If the comments say it's worth it I read it, but often (especially on HN) the top comment starts with a summary of errors/inconsistencies in the article and then I don't really feel the need.
You do you, but hivemind thinking is a real thing. I have seen highly upvoted comments seemingly "debunk" an article where on closer examination it becomes clear they actually didn't read the article either.
It quickly becomes this weird bubble of people just acting on what everything "thinks" the content is about without ever having looked at the content.
I get that is easier, but intellectually you are doing yourself no favors by having this be your default.
That is the biggest problem on this website, people want to feel smart by 'debunking' things they don't really understand. It leads to a lot of contrarian views with poor signal to noise ratio, especially when the topic is slightly outside of average user experience (midwit programming)
But often the top comment debunks what you think is true, and then you learn something.
> It quickly becomes this weird bubble of people just acting on what everything "thinks" the content is about without ever having looked at the content.
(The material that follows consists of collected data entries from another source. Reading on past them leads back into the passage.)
Lemma lin_onB P T u v : lin_on P T -> P u -> P v -> T (u - v) = T u - T v.
Proof.
by move=> linT Pu Pv; rewrite addrC -scaleN1r linT // scaleN1r addrC.
Qed.

End LinearMaps.

Section QuasiNorms.
Variable K : numFieldType.

Lemma qn_ge0 (X : QBSpace K) (x : X) : 0 <= `[| x |].
Proof. by case: (qb_axiom X) => [[]]. Qed.

Lemma ler_norm_mull (a b C : K) : 0 <= a -> 0 <= b -> a <= C * b -> a <= `|C| * b.
Proof.
move=> a_ge0; have [->|b_neq0] := eqVneq b 0; first by rewrite !mulr0.
move=> b_ge0 leCb.
have b_gt0 : 0 < b by rewrite lt_def b_neq0.
have C_ge0 : 0 <= C by rewrite -(pmulr_lge0 _ b_gt0) (le_trans a_ge0).
by rewrite ger0_norm.
Qed.

Lemma qn_normN (X : QBSpace K) (x : X) : `[| - x |] = `[| x |].
Proof.
by case: (qb_axiom X) => [[_ _ normZ _] _]; rewrite -scaleN1r normZ normrN1 mul1r.
Qed.

Lemma qn_triangle (X : QBSpace K) :
  exists2 C : K, 0 <= C & forall x y : X, `[| x + y |] <= C * (`[| x |] + `[| y |]).
Proof.
case: (qb_axiom X) => [[_ _ _ [C leC]] _]; exists `|C| => // x y.
by apply: ler_norm_mull; rewrite ?addr_ge0 ?qn_ge0.
Qed.

Lemma bounded_onP (X Z : QBSpace K) (P : X -> Prop) (T : X -> Z) :
  bounded_on P T ->
  exists2 C : K, 0 <= C & forall u, P u -> `[| T u |] <= C * `[| u |].
Proof.
case=> C leC; exists `|C| => // u Pu.
by apply: ler_norm_mull; rewrite ?qn_ge0 ?leC.
Qed.

Lemma bounded_on_sum (X1 X2 Y Z : QBSpace K) (P1 : X1 -> Prop) (P2 : X2 -> Prop)
    (A1 : X1 -> Z) (A2 : X2 -> Z) (C0 : K) :
  bounded_on P1 A1 -> bounded_on P2 A2 ->
  exists C1 : K, forall (y : Y) x1 x2, P1 x1 -> P2 x2 ->
    `[| x1 |] <= C0 * `[| y |] -> `[| x2 |] <= C0 * `[| y |] ->
    `[| A1 x1 + A2 x2 |] <= C1 * `[| y |].
Proof.
move=> /bounded_onP[C' C'_ge0 leA1] /bounded_onP[C'' C''_ge0 leA2].
have [Cq Cq_ge0 leq] := qn_triangle Z.
exists (Cq * (C' * C0 + C'' * C0)) => y x1 x2 P1x1 P2x2 le_x1 le_x2.
apply: (le_trans (leq _ _)); rewrite -mulrA ler_wpM2l // mulrDl -!mulrA.
by apply: lerD; [apply: le_trans (leA1 _ P1x1) _ | apply: le_trans (leA2 _ P2x2) _];
   rewrite ler_wpM2l.
Qed.

End QuasiNorms.

Section GreenFormula.
Variables (K : numFieldType) (X D N : QBSpace K) (Y : lmodType K) (L : X -> Y).
Variables (Tr : X -> D) (M : X -> N) (Dp : D -> X) (Sp : N -> X).
Hypothesis greenL : green L Tr M Dp Sp.

Lemma green_single_layer u : kerP L u -> Sp (M u) = u + Dp (Tr u).
Proof. by move=> Ku; rewrite {2}(greenL Ku) addrAC addNr add0r. Qed.

Lemma green_double_layer u : kerP L u -> Dp (Tr u) = Sp (M u) - u.
Proof. by move=> Ku; rewrite green_single_layer // addrC addKr. Qed.

End GreenFormula.

Section Transmission.
Variables (K : numFieldType) (XU XV D N : QBSpace K) (YU YV : lmodType K).
Variables (LU : XU -> YU) (LV : XV -> YV) (TrU : XU -> D) (TrV : XV -> D).
Variables (MU : XU -> N) (MV : XV -> N) (DU : D -> XU) (DV : D -> XV).
Variables (SU : N -> XU) (SV : N -> XV).
Hypotheses (linTrU : lin_on (kerP LU) TrU) (linTrV : lin_on (kerP LV) TrV).
Hypotheses (linMU : lin_on (kerP LU) MU) (linMV : lin_on (kerP LV) MV).
Hypotheses (linDU : lin DU) (linDV : lin DV) (linSU : lin SU).
Hypotheses (greenU : green LU TrU MU DU SU) (greenV : green LV TrV MV DV SV).

Lemma single_layer_trace_of_conormals
    (contS : forall g, kerP LU (SU g) /\ kerP LV (SV g) /\ TrU (SU g) - TrV (SV g) = 0)
    (jumpD : forall f, kerP LU (DU f) /\ kerP LV (DV f) /\ TrU (DU f) + TrV (DV f) = - f)
    up um f :
  kerP LU up -> kerP LV um -> TrU up = f -> TrV um = f ->
  TrU (SU (MU up + MV um)) = f.
Proof.
move=> Kup Kum Trup Trum.
have [KSup _] := contS (MU up).
have [KSum [_ /subr0_eq contSum]] := contS (MV um).
have [KDf [KDVf jumpDf]] := jumpD f.
rewrite (linD _ _ linSU) (lin_onD linTrU KSup KSum) contSum.
rewrite (green_single_layer greenU Kup) (green_single_layer greenV Kum) Trup Trum.
rewrite (lin_onD linTrU Kup KDf) (lin_onD linTrV Kum KDVf) Trup Trum.
by rewrite addrACA jumpDf addrK.
Qed.

Lemma double_layer_conormal_of_traces
    (contD : forall f, kerP LU (DU f) /\ kerP LV (DV f) /\ MU (DU f) - MV (DV f) = 0)
    (jumpS : forall g, kerP LU (SU g) /\ kerP LV (SV g) /\ MU (SU g) + MV (SV g) = g)
    up um g :
  kerP LU up -> kerP LV um -> MU up = g -> MV um = g ->
  MU (DU (- TrU up - TrV um)) = g.
Proof.
move=> Kup Kum Mup Mum.
have [KDup _] := contD (- TrU up).
have [KDum [_ /subr0_eq contDum]] := contD (- TrV um).
have [KSg [KSVg jumpSg]] := jumpS g.
rewrite (linD _ _ linDU) (lin_onD linMU KDup KDum) contDum (linN _ linDU) (linN _ linDV).
rewrite (green_double_layer greenU Kup) (green_double_layer greenV Kum) Mup Mum.
rewrite !opprB (lin_onB linMU Kup KSg) (lin_onB linMV Kum KSVg) Mup Mum.
by rewrite addrACA -opprD jumpSg addrK.
Qed.

End Transmission.

Theorem theorem6p4 (K : numFieldType) (XU XV D N : QBSpace K)
  (YU YV : lmodType K) (LU : XU -> YU) (LV : XV -> YV)
  (TrU : XU -> D) (TrV : XV -> D) (MU : XU -> N) (MV : XV -> N)
  (DU : D -> XU) (DV : D -> XV) (SU : N -> XU) (SV : N -> XV)
  (linLU : lin LU) (linLV : lin LV)
  (linTrU : lin_on (kerP LU) TrU) (linTrV : lin_on (kerP LV) TrV)
  (linMU : lin_on (kerP LU) MU) (linMV : lin_on (kerP LV) MV)
  (linDU : lin DU) (linDV : lin DV) (linSU : lin SU) (linSV : lin SV) :
  (* (a) *)
  ((* (MM) *) bounded_on (kerP LU) MU -> bounded_on (kerP LV) MV ->
   (* (GG) *) green LU TrU MU DU SU -> green LV TrV MV DV SV ->
   (* (JS-cts) *)
   (forall g : N, kerP LU (SU g) /\ kerP LV (SV g) /\
      TrU (SU g) - TrV (SV g) = 0) ->
   (* (JD-jump) *)
   (forall f : D, kerP LU (DU f) /\ kerP LV (DV f) /\
      TrU (DU f) + TrV (DV f) = - f) ->
   (forall f : D, exists (up : XU) (um : XV),
      [/\ LU up = 0, LV um = 0, TrU up = f & TrV um = f]) ->
   (forall f : D, exists g : N, TrU (SU g) = f) /\
   ((exists C0 : K, forall f : D, exists (up : XU) (um : XV),
       [/\ LU up = 0, LV um = 0, TrU up = f, TrV um = f &
           `[| up |] <= C0 * `[| f |] /\ `[| um |] <= C0 * `[| f |]]) ->
    exists C1 : K, forall f : D, exists g : N,
      TrU (SU g) = f /\ `[| g |] <= C1 * `[| f |]))
  /\
  (* (b) *)
  ((* (TT) *) bounded_on (kerP LU) TrU -> bounded_on (kerP LV) TrV ->
   (* (GG) *) green LU TrU MU DU SU -> green LV TrV MV DV SV ->
   (* (JD-cts) *)
   (forall f : D, kerP LU (DU f) /\ kerP LV (DV f) /\
      MU (DU f) - MV (DV f) = 0) ->
   (* (JS-jump) *)
   (forall g : N, kerP LU (SU g) /\ kerP LV (SV g) /\
      MU (SU g) + MV (SV g) = g) ->
   (forall g : N, exists (up : XU) (um : XV),
      [/\ LU up = 0, LV um = 0, MU up = g & MV um = g]) ->
   (forall g : N, exists f : D, MU (DU f) = g) /\
   ((exists C0 : K, forall g : N, exists (up : XU) (um : XV),
       [/\ LU up = 0, LV um = 0, MU up = g, MV um = g &
           `[| up |] <= C0 * `[| g |] /\ `[| um |] <= C0 * `[| g |]]) ->
    exists C1 : K, forall g : N, exists f : D,
      MU (DU f) = g /\ `[| f |] <= C1 * `[| g |])).
Proof.
split=> [bMU bMV gU gV contS jumpD solvable | bTU bTV gU gV contD jumpS solvable].
- have preimage := single_layer_trace_of_conormals linTrU linTrV linSU
    gU gV contS jumpD.
  split=> [f | [C0 solvable_bounded]].
    have [up [um [Kup Kum Trup Trum]]] := solvable f.
    by exists (MU up + MV um); apply: preimage Trup Trum.
  have [C1 le_sum] := bounded_on_sum D C0 bMU bMV; exists C1 => f.
  have [up [um [Kup Kum Trup Trum [le_up le_um]]]] := solvable_bounded f.
  exists (MU up + MV um); split; first exact: preimage Trup Trum.
  exact: le_sum.
- have preimage := double_layer_conormal_of_traces linMU linMV linDU linDV
    gU gV contD jumpS.
  split=> [g | [C0 solvable_bounded]].
    have [up [um [Kup Kum Mup Mum]]] := solvable g.
    by exists (- TrU up - TrV um); apply: preimage Mup Mum.
  have [C1 le_sum] := bounded_on_sum N C0 bTU bTV; exists C1 => g.
  have [up [um [Kup Kum Mup Mum [le_up le_um]]]] := solvable_bounded g.
  exists (- TrU up - TrV um); split; first exact: preimage Mup Mum.
  by rewrite -opprD qn_normN; apply: le_sum.
Qed.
That isn't an issue though since the important part is what you learn or not, not whether you think an imaginary article is true or not. If you learn something from someone debunking an imaginary article, that is just as good as learning something from debunking a real article.
The only issue here is attribution, but why should a reader care about that?
Edit: And it isn't an issue that people will think it actually debunks the linked article, since there will always be a sub comment stating that the commenter didn't read the article and therefore missed the mark.